Copy, exactly and without additions, every line in the records below from the one holding "by move: v_notin_d; rewrite -wv wd." through the one holding "by have := bfs_closed", both ends included.

Collected data entries -
Segment Open

Lemma bfs_inv_step : bfs_inv (rcons d v) (q ++ l).
Proof.
have E : rcons d v ++ (q ++ l) = s ++ l by rewrite cat_rcons -catA.
split; rewrite E //.
- rewrite cat_uniq (bfs_uniq inv) (proj1 Hl) andbT /=.
  by apply/hasPn => n; rewrite mem_l => /andP[].
- move=> w n; rewrite mem_rcons in_cons (mem_cat n s) => /orP[/eqP-> evn|wd ewn].
    by rewrite mem_l evn orbN.
  by rewrite (bfs_closed inv wd ewn).
- move=> b; rewrite (mem_cat b s) => /orP[bs|bl] bx.
    have [w wd [Hw lt_wb]] := bfs_parent inv bs bx.
    exists w; first by rewrite mem_rcons in_cons wd orbT.
    have [_ ws _] := fparent_some Hw.
    by rewrite step_parent_old // !index_sl.
  exists v; first by rewrite mem_rcons mem_head.
  split; first exact: step_parent_new.
  apply: index_cat_lt => //.
  by move: bl; rewrite mem_l => /andP[].
- exact: step_parent_monotone.
Qed.

Lemma fchildren_step r : fchildren e ((s ++ l) ++ r) v = [set n | n \in l].
Proof.
have sl_nil : s ++ l != [::] by case: (d).
apply/setP => n; rewrite !inE; case: (boolP (n \in l)) => nl.
  by rewrite (fparent_cat _ sl_nil (step_parent_new nl)) eqxx andbT !mem_cat nl !orbT.
apply/negbTE/andP => -[_ /eqP Hn].
have nx := fparent_neq_root (etrans (ohead_cat _ sl_nil) head_sl) Hn.
case: (boolP (n \in s)) => ns.
  have [w wd [Hw _]] := bfs_parent inv ns nx.
  move: Hn; rewrite -catA (fparent_cat _ s_nil Hw) => -[wv].
  by move: v_notin_d; rewrite -wv wd.
have [env _ _] := fparent_some Hn.
by move: nl; rewrite mem_l e_sym env ns.
Qed.

End Step.

Lemma bfs_run_inv s q out : bfs_run (free_policy e) s q out ->
  forall d, s = d ++ q -> bfs_inv d q -> bfs_inv out [::].
Proof.
elim=> [s0 d ->|v q0 s0 l out0 Hl _ IH d Es] inv; first by rewrite cats0.
apply: IH (rcons d v) _ _; first by rewrite Es cat_rcons -catA.
by apply: bfs_inv_step inv _; rewrite -Es.
Qed.

Lemma bfs_inv_total d :
  (forall y z : T, connect e y z) -> bfs_inv d [::] -> forall n, n \in d.
Proof.
move=> e_conn inv n.
have cl : closed e (mem d).
  apply: (intro_closed (sym_connect_sym e_sym)) => w u ewu wd.
  by have := bfs_closed inv wd ewu; rewrite cats0.
case: d inv cl => [|y d'] inv cl; first by have := bfs_head inv.
by rewrite -(closed_connect cl (e_conn y n)) mem_head.
Qed.

End BfsTree.

Section SigmaTree.
Variables (T : finType) (e : rel T).
Hypothesis e_sym : symmetric e.
Variables (sigma : seq T) (x : T).
Hypotheses (sigma_inv : bfs_inv e x sigma [::]) (sigma_total : forall n, n \in sigma).

Local Notation pos u := (index u sigma).

Let sigma_head : ohead sigma = Some x.
Proof. by have := bfs_head sigma_inv; rewrite cats0. Qed.

Let sigma_mono : parent_monotone e sigma.
Proof. by have := bfs_mono sigma_inv; rewrite cats0. Qed.

Let sigma_parent b : b != x ->
  exists2 w, fparent e sigma b = Some w & pos w < pos b.
Proof.
move=> bx; have := bfs_parent sigma_inv; rewrite cats0 => /(_ b (sigma_total b) bx).
by case=> w _ [Hw lt_wb]; exists w.
Qed.

Lemma pos_inj u w : pos u = pos w -> u = w.
Proof. exact: index_inj. Qed.

Lemma pos_root : pos x = 0.
Proof. by case: (sigma) sigma_head => // y t [->]; rewrite /= eqxx. Qed.

Lemma fparent_first n u w : fparent e sigma n = Some u -> e n w -> pos u <= pos w.
Proof.
rewrite /fparent; case: ifP => // _ Hu enw.
exact: ohead_filter_index Hu enw (sigma_total w).
Qed.

Lemma fparent_exists n w : n != x -> e n w -> exists u, fparent e sigma n = Some u.
Proof.
move=> nx enw; rewrite /fparent /Defs.froot sigma_head (inj_eq Some_inj) eq_sym.
by rewrite (negbTE nx); apply: ohead_filter_has enw (sigma_total w).
Qed.

(* [discovered p] is the set of vertices already visited when the BFS
   producing [sigma] dequeues the vertex at position [p]. *)
Definition discovered p n :=
  (n == x) || (if fparent e sigma n is Some u then pos u < p else false).

Lemma discovered0 n : discovered 0 n = (n == x).
Proof. by rewrite /discovered; case: (fparent e sigma n) => [u|]; rewrite ?ltn0 orbF. Qed.

Lemma discovered_root p : discovered p x.
Proof. by rewrite /discovered eqxx. Qed.

Lemma discovered_pos p y : pos y <= p -> discovered p y.
Proof.
move=> le_yp; rewrite /discovered; case: (eqVneq y x) => //= yx.
by have [w -> lt_wy] := sigma_parent yx; apply: leq_trans le_yp.
Qed.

Segment Closed

OUTPUT FOR THIS TASK -
  by move: v_notin_d; rewrite -wv wd.
have [env _ _] := fparent_some Hn.
by move: nl; rewrite mem_l e_sym env ns.
Qed.

End Step.

Lemma bfs_run_inv s q out : bfs_run (free_policy e) s q out ->
  forall d, s = d ++ q -> bfs_inv d q -> bfs_inv out [::].
Proof.
elim=> [s0 d ->|v q0 s0 l out0 Hl _ IH d Es] inv; first by rewrite cats0.
apply: IH (rcons d v) _ _; first by rewrite Es cat_rcons -catA.
by apply: bfs_inv_step inv _; rewrite -Es.
Qed.

Lemma bfs_inv_total d :
  (forall y z : T, connect e y z) -> bfs_inv d [::] -> forall n, n \in d.
Proof.
move=> e_conn inv n.
have cl : closed e (mem d).
  apply: (intro_closed (sym_connect_sym e_sym)) => w u ewu wd.
  by have := bfs_closed inv wd ewu; rewrite cats0.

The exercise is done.